(Stored data)
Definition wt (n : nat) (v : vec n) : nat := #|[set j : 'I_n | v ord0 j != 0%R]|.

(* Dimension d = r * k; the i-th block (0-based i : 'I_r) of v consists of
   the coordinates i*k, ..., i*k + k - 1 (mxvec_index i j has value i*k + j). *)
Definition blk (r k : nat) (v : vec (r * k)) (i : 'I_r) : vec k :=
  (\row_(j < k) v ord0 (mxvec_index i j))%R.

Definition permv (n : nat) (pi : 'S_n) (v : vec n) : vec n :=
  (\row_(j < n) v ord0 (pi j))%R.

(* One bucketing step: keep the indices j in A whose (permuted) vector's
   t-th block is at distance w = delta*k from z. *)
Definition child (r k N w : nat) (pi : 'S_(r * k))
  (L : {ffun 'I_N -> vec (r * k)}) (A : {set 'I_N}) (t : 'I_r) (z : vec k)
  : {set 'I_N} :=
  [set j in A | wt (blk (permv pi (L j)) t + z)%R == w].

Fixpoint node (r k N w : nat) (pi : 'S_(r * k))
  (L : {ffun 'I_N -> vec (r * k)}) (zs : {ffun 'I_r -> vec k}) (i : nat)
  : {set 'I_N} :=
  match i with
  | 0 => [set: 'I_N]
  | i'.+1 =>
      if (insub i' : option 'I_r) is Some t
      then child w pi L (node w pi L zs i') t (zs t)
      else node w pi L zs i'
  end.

---

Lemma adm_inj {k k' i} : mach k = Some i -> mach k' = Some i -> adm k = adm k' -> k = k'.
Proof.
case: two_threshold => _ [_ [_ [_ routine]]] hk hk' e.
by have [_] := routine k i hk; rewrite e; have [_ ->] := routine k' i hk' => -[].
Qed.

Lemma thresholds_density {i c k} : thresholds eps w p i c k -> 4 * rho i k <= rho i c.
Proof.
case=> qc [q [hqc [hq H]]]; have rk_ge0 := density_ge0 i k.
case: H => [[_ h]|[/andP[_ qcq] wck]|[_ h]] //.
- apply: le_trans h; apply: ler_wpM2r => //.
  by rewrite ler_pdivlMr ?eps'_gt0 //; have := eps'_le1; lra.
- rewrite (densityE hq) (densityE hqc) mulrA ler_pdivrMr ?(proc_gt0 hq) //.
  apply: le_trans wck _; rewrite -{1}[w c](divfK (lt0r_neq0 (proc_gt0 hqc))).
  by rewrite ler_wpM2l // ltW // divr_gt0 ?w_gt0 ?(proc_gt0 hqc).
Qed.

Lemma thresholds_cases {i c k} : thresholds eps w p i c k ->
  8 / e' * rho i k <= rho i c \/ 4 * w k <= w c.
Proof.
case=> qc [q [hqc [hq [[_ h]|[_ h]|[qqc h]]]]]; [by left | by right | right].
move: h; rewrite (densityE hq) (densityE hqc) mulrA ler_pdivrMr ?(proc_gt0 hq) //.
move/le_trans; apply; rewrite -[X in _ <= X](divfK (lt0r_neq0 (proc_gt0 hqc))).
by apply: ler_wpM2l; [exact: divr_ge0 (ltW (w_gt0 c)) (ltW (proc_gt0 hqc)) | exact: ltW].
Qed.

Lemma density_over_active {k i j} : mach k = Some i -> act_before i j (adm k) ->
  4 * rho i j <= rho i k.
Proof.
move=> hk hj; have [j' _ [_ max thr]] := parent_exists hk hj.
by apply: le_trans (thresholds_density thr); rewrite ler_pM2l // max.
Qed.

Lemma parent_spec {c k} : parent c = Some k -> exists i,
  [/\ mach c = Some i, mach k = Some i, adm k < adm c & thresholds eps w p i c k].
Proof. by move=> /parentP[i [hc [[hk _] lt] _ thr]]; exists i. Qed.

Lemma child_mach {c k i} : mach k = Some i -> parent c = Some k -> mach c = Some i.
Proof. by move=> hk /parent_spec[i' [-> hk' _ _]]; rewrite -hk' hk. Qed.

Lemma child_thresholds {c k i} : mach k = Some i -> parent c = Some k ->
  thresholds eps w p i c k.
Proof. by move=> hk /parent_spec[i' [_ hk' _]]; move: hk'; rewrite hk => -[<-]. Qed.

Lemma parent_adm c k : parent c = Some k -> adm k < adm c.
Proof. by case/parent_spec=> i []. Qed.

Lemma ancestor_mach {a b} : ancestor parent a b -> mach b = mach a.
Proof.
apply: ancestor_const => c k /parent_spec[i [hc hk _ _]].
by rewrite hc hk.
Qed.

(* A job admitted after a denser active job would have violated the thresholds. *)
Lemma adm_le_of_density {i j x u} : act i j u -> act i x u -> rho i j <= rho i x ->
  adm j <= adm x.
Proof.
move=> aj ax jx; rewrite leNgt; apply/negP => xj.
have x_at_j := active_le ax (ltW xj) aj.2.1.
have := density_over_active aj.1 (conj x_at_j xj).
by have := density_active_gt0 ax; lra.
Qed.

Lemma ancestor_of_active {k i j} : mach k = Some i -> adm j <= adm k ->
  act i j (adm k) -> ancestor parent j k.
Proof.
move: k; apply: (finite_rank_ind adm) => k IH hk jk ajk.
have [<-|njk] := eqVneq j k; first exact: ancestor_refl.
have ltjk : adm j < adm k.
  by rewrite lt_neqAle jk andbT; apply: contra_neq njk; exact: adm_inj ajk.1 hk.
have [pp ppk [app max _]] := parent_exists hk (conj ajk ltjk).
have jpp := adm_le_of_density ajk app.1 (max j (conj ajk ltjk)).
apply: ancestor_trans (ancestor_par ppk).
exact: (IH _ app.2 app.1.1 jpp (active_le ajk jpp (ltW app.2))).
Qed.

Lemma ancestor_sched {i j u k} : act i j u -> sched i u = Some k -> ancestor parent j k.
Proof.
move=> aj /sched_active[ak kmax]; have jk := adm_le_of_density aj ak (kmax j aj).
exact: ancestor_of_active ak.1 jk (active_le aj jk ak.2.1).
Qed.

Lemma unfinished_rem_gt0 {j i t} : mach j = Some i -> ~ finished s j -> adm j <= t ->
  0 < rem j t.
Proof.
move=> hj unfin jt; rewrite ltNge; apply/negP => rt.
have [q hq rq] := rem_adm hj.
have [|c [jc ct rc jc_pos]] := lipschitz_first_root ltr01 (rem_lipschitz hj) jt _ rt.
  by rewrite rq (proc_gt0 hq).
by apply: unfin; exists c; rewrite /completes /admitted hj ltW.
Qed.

WORK TO BE COMPLETED » Only one stretch of the entries above is wanted: the lines from the one containing "by rewrite ler_pdivlMr" through the one containing "move: h; rewrite". Please reproduce it exactly.

TASK OUTPUT »
  by rewrite ler_pdivlMr ?eps'_gt0 //; have := eps'_le1; lra.
- rewrite (densityE hq) (densityE hqc) mulrA ler_pdivrMr ?(proc_gt0 hq) //.
  apply: le_trans wck _; rewrite -{1}[w c](divfK (lt0r_neq0 (proc_gt0 hqc))).
  by rewrite ler_wpM2l // ltW // divr_gt0 ?w_gt0 ?(proc_gt0 hqc).
Qed.

Lemma thresholds_cases {i c k} : thresholds eps w p i c k ->
  8 / e' * rho i k <= rho i c \/ 4 * w k <= w c.
Proof.
case=> qc [q [hqc [hq [[_ h]|[_ h]|[qqc h]]]]]; [by left | by right | right].
move: h; rewrite (densityE hq) (densityE hqc) mulrA ler_pdivrMr ?(proc_gt0 hq) //.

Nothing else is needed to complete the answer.